May Kasahara is wise beyond her years, she works in a wig-making factory and observes: “…all I do here is work that my bosses tell me to do the way they tel me to do it. I don’t have to think at all. It’s like I just put my brain in a locker before I start work and pick it up on my way home.” How many of us have had similarly mind-numbing jobs?

This book reminds me of others, in “Kafka on the Shore” the protagonist is also hunting for a missing cat, which leads him to a whole series of adventures. One of the most memorable parts of the book is with the protagonist at the bottom of a well, which feels very Kafkaesque as he is gripped by an inertia and can’t do anything to save himself. In Pamuk’s “My Name is Red” the action begins at the bottom of a well with a murder victim recounting his story.

“One cannot look directly at one’s own face with one’s own eyes, for example. One has no choice but to look at one’s reflection in the mirror. Through experience, we come to believe that the image is correct, but that is all. (p 282)”

Murakami’s novels are all rather strange with elements of magic realism. There are also a few scenes of graphic violence, a man is skinned alive in Manchuria and soldiers are taught how to kill someone with a bayonet.

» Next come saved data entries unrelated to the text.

(* Let $X$ be the graph with vertices $x_0,x_1,x_2,x_3,x_4,\bar x_4$ and (besides loops) edges $x_0x_1, x_1x_2, x_2x_3, x_3x_4, x_4x_0, x_3\bar x_4, \bar x_4x_0$. Define $\tau:X\times X\to X$ by $\tau(x_i,x_j)=x_{i+j}$; $\tau(x_0,\bar x_4)=\tau(\bar x_4,x_0)=\bar x_4$; $\tau(x_i,\bar x_4)=\tau(\bar x_4,x_i)=x_{i+4}$ for $i\ne0$; $\tau(\bar x_4,\bar x_4)=x_3$ (subscripts mod 5). Then $\tau$ is $\mathrm{NP}_1$-continuous, $(X,x_0,\tau)$ is a unital (hence pointed) $\mathrm{NP}_1$-digital H-space, and $(X,x_0,\tau)$ is not pointed homotopy-associative; consequently it is not pointed H-equivalent to any $\mathrm{NP}_1$-digital topological group.
   Context: Digital images are finite reflexive graphs; continuous maps send adjacent points to adjacent points. On products, $\mathrm{NP}_1$ declares two tuples adjacent iff they differ in at most one coordinate, and in that coordinate the entries are adjacent. An $\mathrm{NP}_1$-homotopy from $f$ to $g:X\to Y$ is an $\mathrm{NP}_1$-continuous $H:X\times[0,m]_{\mathbb{Z}}\to Y$ with $H(\cdot,0)=f$, $H(\cdot,m)=g$; for pointed maps $(X,a)\to(Y,b)$ it is pointed if $H(a,t)=b$ for all $t$. An $\mathrm{NP}_1$-digital H-space is $(X,e,\mu)$ with $\mu:X\times X\to X$ $\mathrm{NP}_1$-continuous, $\mu\circ(\mathrm{id}_X,c_e)\simeq_1\mathrm{id}_X$, $\mu\circ(c_e,\mathrm{id}_X)\simeq_1\mathrm{id}_X$ ($(f,g)(x)=(f(x),g(x))$, $c_e$ constant); it is a pointed H-space if these homotopies are pointed; unital if the composites equal $\mathrm{id}_X$. It is pointed homotopy-associative if $\mu\circ(\mathrm{id}\times\mu)$ and $\mu\circ(\mu\times\mathrm{id})$ are homotopic by a pointed $\mathrm{NP}_1$-homotopy $(X\times X\times X,(e,e,e))\times[0,k]_{\mathbb{Z}}\to(X,e)$. Pointed H-equivalence: continuous pointed maps $f,g$ between the H-spaces with $f\circ g\simeq\mathrm{id}$, $g\circ f\simeq\mathrm{id}$, $f\circ\mu_X\simeq\mu_Y\circ(f\times f)$, $g\circ\mu_Y\simeq\mu_X\circ(g\times g)$, all by pointed $\mathrm{NP}_1$-homotopies. An $\mathrm{NP}_1$-digital topological group is a digital image with a group structure whose multiplication is $\mathrm{NP}_1$-continuous and inversion continuous. *)

From mathcomp Require Import all_boot all_fingroup.
Set Implicit Arguments. Unset Strict Implicit. Unset Printing Implicit Defensive.

Definition digital_image (A : finType) (adjA : rel A) :=
  reflexive adjA /\ symmetric adjA.

Definition dcont (A B : Type) (adjA : rel A) (adjB : rel B) (f : A -> B) :=
  forall x y, adjA x y -> adjB (f x) (f y).

(* NP_1 adjacency on a binary product (iterated products are nested pairs;
   nesting NP_1 gives NP_1 on the n-fold product) *)
Definition np1 (A B : eqType) (adjA : rel A) (adjB : rel B) : rel (A * B) :=
  fun p q => ((p.1 == q.1) && adjB p.2 q.2) || ((p.2 == q.2) && adjA p.1 q.1).

(* the digital interval [0,m]_Z, as 'I_m.+1 with c_2-adjacency *)
Definition iadj (m : nat) : rel 'I_m.+1 :=
  fun i j => (i <= j.+1) && (j <= i.+1).

Definition np1_homotopic (A B : eqType) (adjA : rel A) (adjB : rel B)
  (f g : A -> B) :=
  exists m : nat, exists H : A * 'I_m.+1 -> B,
    dcont (np1 adjA (@iadj m)) adjB H /\
    (forall x, H (x, ord0) = f x) /\ (forall x, H (x, ord_max) = g x).

Definition np1_pointed_homotopic (A B : eqType) (adjA : rel A) (adjB : rel B)
  (a : A) (b : B) (f g : A -> B) :=
  exists m : nat, exists H : A * 'I_m.+1 -> B,
    dcont (np1 adjA (@iadj m)) adjB H /\
    (forall x, H (x, ord0) = f x) /\ (forall x, H (x, ord_max) = g x) /\
    (forall t, H (a, t) = b).

Definition H_space (A : eqType) (adj : rel A) (e : A) (mu : A * A -> A) :=
  dcont (np1 adj adj) adj mu /\
  np1_homotopic adj adj (fun x => mu (x, e)) id /\
  np1_homotopic adj adj (fun x => mu (e, x)) id.

Definition pointed_H_space (A : eqType) (adj : rel A) (e : A) (mu : A * A -> A) :=
  dcont (np1 adj adj) adj mu /\
  np1_pointed_homotopic adj adj e e (fun x => mu (x, e)) id /\
  np1_pointed_homotopic adj adj e e (fun x => mu (e, x)) id.

Definition unital_H_space (A : eqType) (adj : rel A) (e : A) (mu : A * A -> A) :=
  dcont (np1 adj adj) adj mu /\
  (forall x, mu (x, e) = x) /\ (forall x, mu (e, x) = x).

(* pointed homotopy-associativity; X*X*X is (X*X)*X *)
Definition pointed_homotopy_associative (A : eqType) (adj : rel A) (e : A)
  (mu : A * A -> A) :=
  np1_pointed_homotopic (np1 (np1 adj adj) adj) adj ((e, e), e) e
    (fun p => mu (p.1.1, mu (p.1.2, p.2)))
    (fun p => mu (mu p.1, p.2)).

Definition pointed_H_equivalent (X Y : eqType)
  (adjX : rel X) (eX : X) (muX : X * X -> X)
  (adjY : rel Y) (eY : Y) (muY : Y * Y -> Y) :=
  exists (f : X -> Y) (g : Y -> X),
    dcont adjX adjY f /\ f eX = eY /\
    dcont adjY adjX g /\ g eY = eX /\
    np1_pointed_homotopic adjY adjY eY eY (fun y => f (g y)) id /\
    np1_pointed_homotopic adjX adjX eX eX (fun x => g (f x)) id /\
    np1_pointed_homotopic (np1 adjX adjX) adjY (eX, eX) eY
      (fun p => f (muX p)) (fun p => muY (f p.1, f p.2)) /\
    np1_pointed_homotopic (np1 adjY adjY) adjX (eY, eY) eX
      (fun p => g (muY p)) (fun p => muX (g p.1, g p.2)).

Definition np1_digital_topological_group (G : finGroupType) (adj : rel G) :=
  digital_image adj /\
  dcont (np1 adj adj) adj (fun p : G * G => (p.1 * p.2)%g) /\
  dcont adj adj (fun x : G => (x^-1)%g).

(* The example: vertices x_0..x_4 are 0..4, \bar x_4 is 5, in 'I_6 *)
Definition Xedges : seq (nat * nat) :=
  [:: (0,1); (1,2); (2,3); (3,4); (4,0); (3,5); (5,0)].

Definition adjX : rel 'I_6 :=
  fun a b => [|| a == b, (val a, val b) \in Xedges | (val b, val a) \in Xedges].

Definition x0 : 'I_6 := inord 0.

Definition tau (p : 'I_6 * 'I_6) : 'I_6 :=
  let i := val p.1 in let j := val p.2 in
  if (i < 5) && (j < 5) then inord ((i + j) %% 5)
  else if (i == 5) && (j == 5) then inord 3
  else let k := if i == 5 then j else i in
       if k == 0 then inord 5 else inord ((k + 4) %% 5).

(* The maps id, tau and (a, b, c) |-> tau (a, tau (b, c)) are rigid: a pointed
   continuous map that is pointwise adjacent to one of them coincides with it,
   so a pointed NP_1-homotopy starting or ending at such a map is constant.
   Rigidity of a map into a finite image is decided by arc consistency: starting
   from the sets of values adjacent to the map, repeatedly discard every value
   at a point p that is adjacent to no remaining value at some neighbour of p;
   the map is rigid once a single value survives at each point.
   Pointed homotopy-associativity of tau would thus force strict associativity,
   which fails.  If f, g were a pointed H-equivalence with a group, rigidity
   would give g (f a) = a, g (f a * f b) = tau (a, b) and
   g (f a * (f b * f c)) = tau (a, tau (b, c)); precomposing the homotopy
   g (x * y) ~ tau (g x, g y) with (a, b, c) |-> (f a * f b, f c) then yields,
   by associativity in the group, a pointed homotopy between
   tau (a, tau (b, c)) and tau (tau (a, b), c). *)
From mathcomp Require Import all_boot all_fingroup.
From mathcomp Require Import zify.
Set Implicit Arguments. Unset Strict Implicit. Unset Printing Implicit Defensive.

Lemma dcont_comp (A B C : Type) (adjA : rel A) (adjB : rel B) (adjC : rel C)
    (f : A -> B) (g : B -> C) :
  dcont adjA adjB f -> dcont adjB adjC g -> dcont adjA adjC (g \o f).
Proof. by move=> fc gc x y /fc /gc. Qed.

Lemma dcont_np1_prod (A A' B B' : eqType) (adjA : rel A) (adjA' : rel A')
    (adjB : rel B) (adjB' : rel B') (f : A -> A') (g : B -> B') :
  dcont adjA adjA' f -> dcont adjB adjB' g ->
  dcont (np1 adjA adjB) (np1 adjA' adjB') (fun p => (f p.1, g p.2)).
Proof.
move=> fc gc [x y] [x' y'] /orP[/andP[/eqP/= <- yy'] | /andP[/eqP/= <- xx']].
  by rewrite /np1 /= eqxx gc.
by rewrite /np1 /= eqxx fc ?orbT.
Qed.

Lemma dcont_np1_assoc (A B C : eqType) (adjA : rel A) (adjB : rel B)
    (adjC : rel C) :
  dcont (np1 (np1 adjA adjB) adjC) (np1 adjA (np1 adjB adjC))
    (fun p => (p.1.1, (p.1.2, p.2))).
Proof.
move=> [[x y] z] [[x' y'] z']; rewrite /np1 /= xpair_eqE.
case/orP=> [/andP[/andP[/eqP-> /eqP->] zz'] | /andP[/eqP-> /orP[]]].
- by rewrite !eqxx zz'.
- by case/andP=> /eqP-> yy'; rewrite !eqxx yy' orbT.
- by case/andP=> /eqP-> xx'; rewrite !eqxx xx' !orbT.
Qed.

Lemma iadj_rev m (i j : 'I_m.+1) : iadj (rev_ord i) (rev_ord j) = iadj i j.
Proof.
rewrite /iadj /=; have := ltn_ord i; have := ltn_ord j.
by case: (leqP i j.+1); case: (leqP j i.+1); lia.
Qed.

Section Rigidity.
Variables (A B : eqType) (adjA : rel A) (adjB : rel B) (a : A) (b : B).

Definition pointed_rigid (r : A -> B) :=
  forall h, dcont adjA adjB h -> h a = b -> (forall x, adjB (r x) (h x)) ->
  h =1 r.

Lemma eq_pointed_rigid r r' : r =1 r' -> pointed_rigid r -> pointed_rigid r'.
Proof.
move=> rr' rigid_r h hc ha hr x; rewrite -rr'.
by apply: rigid_r => // y; rewrite rr'.
Qed.

Lemma np1_pointed_homotopic_sym f g :
  np1_pointed_homotopic adjA adjB a b f g ->
  np1_pointed_homotopic adjA adjB a b g f.
Proof.
case=> m [H [Hc [H0 [H1 Ha]]]].
have rev_cont : dcont (@iadj m) (@iadj m) (@rev_ord _) by move=> i j; rewrite iadj_rev.
exists m, (H \o fun p => (p.1, rev_ord p.2)); split; last split; last split.
- exact: dcont_comp (dcont_np1_prod (fun _ _ => id) rev_cont) Hc.
- by move=> x; rewrite /= -H1; congr (H (x, _)); apply: val_inj => /=; lia.
- by move=> x; rewrite /= -H0; congr (H (x, _)); apply: val_inj => /=; lia.
- by move=> t; rewrite /= Ha.
Qed.

Lemma np1_pointed_homotopic_rigidl f g :
  pointed_rigid f -> np1_pointed_homotopic adjA adjB a b f g -> g =1 f.
Proof.
move=> rigid_f [m [H [Hc [H0 [H1 Ha]]]]] x; rewrite -H1.
suff Ht : forall t, H \o pair^~ t =1 f by exact: Ht.
case=> k; elim: k => [|k IH] lt_km y.
  by rewrite /= -H0; congr (H (y, _)); apply: val_inj.
apply: rigid_f => [z z' zz' | | z].
- by apply: Hc; rewrite /np1 /= eqxx zz' orbT.
- exact: Ha.
- rewrite -(IH (ltnW lt_km) z); apply: Hc.
  by rewrite /np1 /= eqxx /iadj /= ltnSn (leqW (leqnSn k)).
Qed.

Lemma np1_pointed_homotopic_rigidr f g :
  pointed_rigid g -> np1_pointed_homotopic adjA adjB a b f g -> f =1 g.
Proof.
by move=> rigid_g /np1_pointed_homotopic_sym; apply: np1_pointed_homotopic_rigidl.
Qed.

Lemma eq_np1_pointed_homotopic f f' g g' :
  f =1 f' -> g =1 g' -> np1_pointed_homotopic adjA adjB a b f g ->
  np1_pointed_homotopic adjA adjB a b f' g'.
Proof.
move=> ff' gg' [m [H [Hc [H0 [H1 Ha]]]]].
exists m, H; split=> //; split=> [x|]; first by rewrite H0.
by split=> // x; rewrite H1.
Qed.

Lemma np1_pointed_homotopic_refl f :
  reflexive adjB -> dcont adjA adjB f -> f a = b ->
  np1_pointed_homotopic adjA adjB a b f f.
Proof.
move=> reflB fc fa; exists 0, (f \o fst); do !split => //.
by move=> [x s] [y t] /orP[/andP[/eqP/= -> _] | /andP[_ /fc]].
Qed.

Lemma np1_pointed_homotopic_comp (C : eqType) (adjC : rel C) (c : C)
    (phi : C -> A) f g :
  dcont adjC adjA phi -> phi c = a -> np1_pointed_homotopic adjA adjB a b f g ->
  np1_pointed_homotopic adjC adjB c b (f \o phi) (g \o phi).
Proof.
move=> phic phia [m [H [Hc [H0 [H1 Ha]]]]].
exists m, (H \o fun p => (phi p.1, p.2)); split; last split; last split.
- exact: dcont_comp (dcont_np1_prod phic (fun _ _ => id)) Hc.
- by move=> x; rewrite /= H0.
- by move=> x; rewrite /= H1.
- by move=> t; rewrite /= phia Ha.
Qed.

Lemma np1_pointed_homotopic_homotopic f g :
  np1_pointed_homotopic adjA adjB a b f g -> np1_homotopic adjA adjB f g.
Proof. by case=> m [H [Hc [H0 [H1 _]]]]; exists m, H. Qed.

End Rigidity.

Section ArcConsistency.
Variables (T B : eqType) (adjT : rel T) (adjB : rel B) (ts : seq T) (bs : seq B).
Hypotheses (ts_full : forall p, p \in ts) (bs_full : forall y, y \in bs).

Definition domain (D : seq (seq B)) (p : T) : seq B := nth bs D (index p ts).

Definition neighbour_indices : seq (seq nat) :=
  [seq [seq index q ts | q <- ts & adjT p q] | p <- ts].

Definition refine_domains (N : seq (seq nat)) (D : seq (seq B)) : seq (seq B) :=
  [seq [seq y <- nth bs D i | all (fun j => has (adjB y) (nth bs D j)) (nth [::] N i)]
  | i <- iota 0 (size ts)].

Definition initial_domains (a : T) (b : B) (r : T -> B) : seq (seq B) :=
  [seq if p == a then [:: b] else [seq y <- bs | adjB (r p) y] | p <- ts].

Definition rigid_check (n : nat) (a : T) (b : B) (r : T -> B) : bool :=
  let D := iter n (refine_domains neighbour_indices) (initial_domains a b r) in
  all (fun p => domain D p == [:: r p]) ts.

Lemma domain_map (F : T -> seq B) p : domain (map F ts) p = F p.
Proof. by rewrite /domain (nth_map p) ?nth_index ?index_mem. Qed.

Lemma domain_map_iota (F : nat -> seq B) p :
  domain [seq F i | i <- iota 0 (size ts)] p = F (index p ts).
Proof. by rewrite /domain (nth_map 0) ?nth_iota ?size_iota ?index_mem. Qed.

Lemma refine_domains_sound h D :
  dcont adjT adjB h -> (forall p, h p \in domain D p) ->
  forall p, h p \in domain (refine_domains neighbour_indices D) p.
Proof.
move=> hc hD p; rewrite domain_map_iota mem_filter hD andbT.
rewrite (nth_map p) ?index_mem // nth_index //.
apply/allP=> j /mapP[q]; rewrite mem_filter => /andP[pq _] ->.
by apply/hasP; exists (h q); [exact: hD | exact: hc].
Qed.

Lemma rigid_check_sound n a b r :
  rigid_check n a b r -> pointed_rigid adjT adjB a b r.
Proof.
move=> /allP check h hc ha hr p.
have hD k q : h q \in domain (iter k (refine_domains neighbour_indices)
                                   (initial_domains a b r)) q.
  elim: k q => [|k IH] q /=; last exact: refine_domains_sound.
  rewrite domain_map; case: eqP => [->|_]; first by rewrite ha mem_head.
  by rewrite mem_filter hr bs_full.
by have := hD n p; rewrite (eqP (check p (ts_full p))) inE => /eqP.
Qed.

The story begins as a hunt for a cat but then goes to some strange places in space and time.  Lieutenant Mamiya’s tale of an operation behind enemy lines in Manchuria during WW2, which goes dreadfully wrong and the lieutenant’s incarceration in the Soviet gulag, saved from almost certain death by his ability to speak Russian are particularly memorable. There are a couple of Georgian connections, Beria, Stalin’s infamous henchman sets the quotas for the Siberian coal mines where many POWs are driven to death. There is also the time the carnivorous animals in the zoo are shot as the Japanese retreat, this reminds me of the shooting of the wolves, lions and tigers, who escaped from Tbilisi Zoo in 2013 (Tbilisi Zoo floods and shooting).

The petrolhead in me takes issue with a factual mistake in the narrative. Creta Kano tells us of her suicide attempt “I went to my brother’s room and asked to borrow his car. It was a shiny new Toyota MR2,”. (p95)
That was six years ago, in May of 1978.” (p97)
Interestingly the Toyota MR2 wasn’t produced until 1984…

 

wind up bird

In an interview with David Pilling, Murakami described his writing process: “There’s a basement, but below that you have an inner basement beyond a secret door. It’s dark, completely dark down there. It’s a maze and a labyrinth, but if you are trained, you can come back to the surface. That’s what I do when I am writing.” When we pick up a Murakami novel, we too are taken into the labyrinth.

My rating 4 out of 5 Some of the novel was excellent but other parts felt like filler. The scenes at the bottom of the well were for me the highlights.